Task requirements: Starting from the line that contains "exists p, In p P", output every remaining line of the records below exactly as it appears, that line and the last one included.

Dataset extract:
Lemma ptc_outcome_approx a b N :
  PT0 M a b - (/ 2) ^ N <= fsum N (fun k => (/ 2) ^ S k * INR (1 - ptc_outcome a b k))
  <= PT0 M a b.
Proof.
  pose proof (pow_le (/ 2) N ltac:(lra)).
  unfold ptc_outcome. rewrite leaf_code_isLeaf.
  destruct (isLeaf M a b) eqn:HL; cbn [ifz].
  - destruct (PT0_denom a b HL) as [-> Hq].
    destruct (denom a b) as [|[|q]]; [lia| |]; cbn [ifz Nat.sub].
    + rewrite (fsum_ext _ _ (fun k => (/ 2) ^ S k)) by (intros; simpl; ring).
      rewrite geometric_fsum. simpl. lra.
    + rewrite (fsum_ext _ _ (fun k => (/ 2) ^ S k * INR (binary_digit (S (S q)) k))).
      * apply binary_digits_approx. lia.
      * intros k. pose proof (binary_digit_le (S (S q)) k).
        destruct (binary_digit (S (S q)) k) as [|[|]]; auto; lia.
  - unfold PT0, PT0_from. rewrite HL, fsum_zero; [lra|]. intros k. simpl. lra.
Qed.

Lemma PR_PTC : PR 2 (PTC M).
Proof.
  assert (Hgeo : forall (x : list nat) n, 0 <= (/ 2) ^ S n) by (intros; apply pow_le; lra).
  apply (PR_bind 2 _ _ _ (PR_geometric 2 ltac:(lia)) Hgeo PRdet_ptc_outcome).
  intros [|a [|b [|]]] Hx w; try discriminate.
  rewrite PTC_bit. unfold dirac. simpl nth.
  apply SumN_geometric_bit; auto using ptc_outcome_le_1, ptc_outcome_approx.
Qed.
End Denominator.

Theorem mainTheorem11 (M : PTM) :
  IsMu 1 (PTC M) (CF M) /\ PR 1 (CF M).
Proof.
  split.
  - apply IsMu_PTC.
  - exact (PR_mu 1 (PTC M) (CF M) (PR_PTC M) (IsMu_PTC M)).
Qed.
(* Let $R$ be an axis-parallel rectangle of height $h$, $\rho>0$, and $t=\lceil h/(\sqrt3\rho)\rceil$. For every vertical line $\lambda$ there is a set of $2t$ points such that for every axis-parallel line segment $\ell\subset R$ whose hippodrome $H(\ell,\rho)$ intersects $\lambda$, at least one of these points lies in $H(\ell,\rho)$.
   Context: The hippodrome $H(\ell,\rho)$ of a segment $\ell$ is the set of points of the plane at Euclidean distance at most $\rho$ from some point of $\ell$. *)

From Stdlib Require Import Reals List.
Open Scope R_scope.

Definition point := (R * R)%type.

Definition edist (p q : point) : R :=
  sqrt ((fst p - fst q)^2 + (snd p - snd q)^2).

Definition on_segment (a b z : point) : Prop :=
  exists s : R, 0 <= s <= 1 /\
    z = ((1 - s) * fst a + s * fst b, (1 - s) * snd a + s * snd b).

Definition in_hippodrome (a b : point) (rho : R) (z : point) : Prop :=
  exists w : point, on_segment a b w /\ edist z w <= rho.

Definition axis_parallel (a b : point) : Prop :=
  fst a = fst b \/ snd a = snd b.

Definition in_rect (x1 x2 y1 y2 : R) (z : point) : Prop :=
  x1 <= fst z <= x2 /\ y1 <= snd z <= y2.

Definition seg_in_rect (x1 x2 y1 y2 : R) (a b : point) : Prop :=
  forall z, on_segment a b z -> in_rect x1 x2 y1 y2 z.

From Stdlib Require Import Reals List Lra Lia Psatz.
Open Scope R_scope.

(* Cut the strip [y1, y1 + n d] into n cells of height d <= sqrt 3 rho and place
   two points per cell, at mid-height and at abscissae c -/+ rho/2.  A point w at
   horizontal distance at most rho from the line x = c is then at horizontal
   distance at most rho/2 from one of the two columns and at vertical distance at
   most d/2 from the centre of its cell, hence at squared distance at most
   rho^2/4 + 3 rho^2/4 = rho^2 from a chosen point.  If H(l, rho) meets the
   line, some point w of l is such a point, and the chosen point lies in
   H(l, rho). *)

Definition cell_center (y1 d : R) (i : nat) : R := y1 + (INR i + / 2) * d.

Fixpoint column_pair_points (c rho y1 d : R) (n : nat) : list point :=
  match n with
  | O => nil
  | S i => (c - rho / 2, cell_center y1 d i) :: (c + rho / 2, cell_center y1 d i)
             :: column_pair_points c rho y1 d i
  end.

Lemma length_column_pair_points c rho y1 d n :
  length (column_pair_points c rho y1 d n) = (2 * n)%nat.
Proof. induction n as [|n IH]; simpl; [reflexivity|]. rewrite IH. lia. Qed.

Lemma in_column_pair_points c rho y1 d n i s :
  (i < n)%nat -> s = c - rho / 2 \/ s = c + rho / 2 ->
  In (s, cell_center y1 d i) (column_pair_points c rho y1 d n).
Proof.
  induction n as [|n IH]; intros Hi Hs; [lia|]. simpl.
  destruct (Nat.eq_dec i n) as [->|Hne].
  - destruct Hs as [-> | ->]; auto.
  - right; right. apply IH; [lia|exact Hs].
Qed.

Lemma exists_near_cell_center (y1 d y : R) (n : nat) :
  0 < d -> (1 <= n)%nat -> y1 <= y <= y1 + INR n * d ->
  exists i, (i < n)%nat /\ Rabs (y - cell_center y1 d i) <= d / 2.
Proof.
  unfold cell_center. intros Hd.
  induction n as [|n IH]; intros Hn Hy; [lia|].
  destruct (Nat.eq_dec n 0) as [->|Hn0].
  - exists 0%nat. split; [lia|]. simpl in *. apply Rabs_le. lra.
  - destruct (Rle_dec y (y1 + INR n * d)) as [Hle|Hgt].
    + destruct IH as [i [Hi Hyi]]; [lia|lra|]. exists i. split; [lia|exact Hyi].
    + exists n. split; [lia|]. rewrite S_INR in Hy. apply Rabs_le. lra.
Qed.

Lemma edist_le_sq (p q : point) (rho : R) :
  0 <= rho -> (fst p - fst q) ^ 2 + (snd p - snd q) ^ 2 <= rho ^ 2 -> edist p q <= rho.
Proof.
  intros Hr H. unfold edist. rewrite <- (sqrt_pow2 rho Hr). apply sqrt_le_1_alt, H.
Qed.

Lemma sq_fst_le_edist (p q : point) (rho : R) :
  edist p q <= rho -> (fst p - fst q) ^ 2 <= rho ^ 2.
Proof.
  unfold edist. intros H.
  pose proof (pow2_ge_0 (fst p - fst q)). pose proof (pow2_ge_0 (snd p - snd q)).
  pose proof (sqrt_sqrt ((fst p - fst q) ^ 2 + (snd p - snd q) ^ 2) ltac:(lra)).
  pose proof (sqrt_pos ((fst p - fst q) ^ 2 + (snd p - snd q) ^ 2)).
  nra.
Qed.

Lemma column_pair_points_cover (c rho y1 d : R) (n : nat) (w : point) :
  0 < rho -> 0 < d -> d <= sqrt 3 * rho -> (1 <= n)%nat ->
  (fst w - c) ^ 2 <= rho ^ 2 -> y1 <= snd w <= y1 + INR n * d ->
  exists p, In p (column_pair_points c rho y1 d n) /\ edist p w <= rho.
Proof.
  intros Hr Hd Hdr Hn Hwx Hwy.
  destruct (exists_near_cell_center y1 d (snd w) n Hd Hn Hwy) as [i [Hi Hyi]].
  set (s := if Rle_dec c (fst w) then c + rho / 2 else c - rho / 2).
  assert (Hs : (s - fst w) ^ 2 <= rho ^ 2 / 4).
  { unfold s. destruct (Rle_dec c (fst w)); nra. }
  assert (Hy : (cell_center y1 d i - snd w) ^ 2 <= 3 * rho ^ 2 / 4).
  { rewrite <- Rsqr_pow2, Rsqr_neg_minus, Rsqr_pow2, <- (pow2_abs (snd w - _)).
    pose proof (Rabs_pos (snd w - cell_center y1 d i)).
    pose proof (sqrt_sqrt 3 ltac:(lra)). pose proof (sqrt_pos 3). nra. }
  exists (s, cell_center y1 d i). split.
  - apply in_column_pair_points; [exact Hi|]. unfold s. destruct (Rle_dec c (fst w)); auto.
  - apply edist_le_sq; simpl; lra.
Qed.

Lemma ceil_cell_height (h rho : R) (t : nat) :
  0 < h -> 0 < rho -> INR t - 1 < h / (sqrt 3 * rho) <= INR t ->
  (1 <= t)%nat /\ h / INR t <= sqrt 3 * rho.
Proof.
  intros Hh Hr [_ Ht].
  assert (Hk : 0 < sqrt 3 * rho) by (pose proof (sqrt_lt_R0 3 ltac:(lra)); nra).
  assert (Hq : 0 < h / (sqrt 3 * rho)) by (apply Rdiv_lt_0_compat; lra).
  assert (Htpos : (1 <= t)%nat) by (destruct t; [simpl in Ht; lra | lia]).
  pose proof (lt_0_INR t ltac:(lia)) as HtR.
  split; [exact Htpos|].
  apply Rmult_le_compat_r with (r := sqrt 3 * rho) in Ht; [|lra].
  unfold Rdiv in Ht. rewrite Rmult_assoc, Rinv_l, Rmult_1_r in Ht by lra.
  apply Rmult_le_reg_r with (INR t); [exact HtR|].
  replace (h / INR t * INR t) with h by (field; lra). lra.
Qed.

Theorem lemma4 (x1 x2 y1 y2 rho : R) (t : nat) (c : R) :
  x1 <= x2 -> y1 < y2 -> 0 < rho ->
  INR t - 1 < (y2 - y1) / (sqrt 3 * rho) <= INR t ->
  exists P : list point,
    length P = (2 * t)%nat /\
    forall a b : point,
      axis_parallel a b ->
      seg_in_rect x1 x2 y1 y2 a b ->
      (exists z : point, fst z = c /\ in_hippodrome a b rho z) ->
      exists p, In p P /\ in_hippodrome a b rho p.
Proof.
  intros _ Hy Hr Hceil.
  destruct (ceil_cell_height (y2 - y1) rho t ltac:(lra) Hr Hceil) as [Ht Hd].
  pose proof (lt_0_INR t ltac:(lia)) as HtR.
  set (d := (y2 - y1) / INR t) in Hd.
  assert (Hdpos : 0 < d) by (apply Rdiv_lt_0_compat; lra).
  assert (Hstrip : y1 + INR t * d = y2) by (unfold d; field; lra).
  exists (column_pair_points c rho y1 d t).
  split; [apply length_column_pair_points|].
  intros a b _ Hin [z [Hzc [w [Hw Hzw]]]].
  destruct (Hin w Hw) as [_ Hwy].
  apply sq_fst_le_edist in Hzw. rewrite Hzc in Hzw.
  destruct (column_pair_points_cover c rho y1 d t w Hr Hdpos Hd Ht)
    as [p [Hp Hpw]]; [nra | lra |].
  exists p. split; [exact Hp|]. exists w. split; assumption.
Qed.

Output for this task:
      exists p, In p P /\ in_hippodrome a b rho p.
Proof.
  intros _ Hy Hr Hceil.
  destruct (ceil_cell_height (y2 - y1) rho t ltac:(lra) Hr Hceil) as [Ht Hd].
  pose proof (lt_0_INR t ltac:(lia)) as HtR.
  set (d := (y2 - y1) / INR t) in Hd.
  assert (Hdpos : 0 < d) by (apply Rdiv_lt_0_compat; lra).
  assert (Hstrip : y1 + INR t * d = y2) by (unfold d; field; lra).
  exists (column_pair_points c rho y1 d t).
  split; [apply length_column_pair_points|].
  intros a b _ Hin [z [Hzc [w [Hw Hzw]]]].
  destruct (Hin w Hw) as [_ Hwy].
  apply sq_fst_le_edist in Hzw. rewrite Hzc in Hzw.
  destruct (column_pair_points_cover c rho y1 d t w Hr Hdpos Hd Ht)
    as [p [Hp Hpw]]; [nra | lra |].
  exists p. split; [exact Hp|]. exists w. split; assumption.
Qed.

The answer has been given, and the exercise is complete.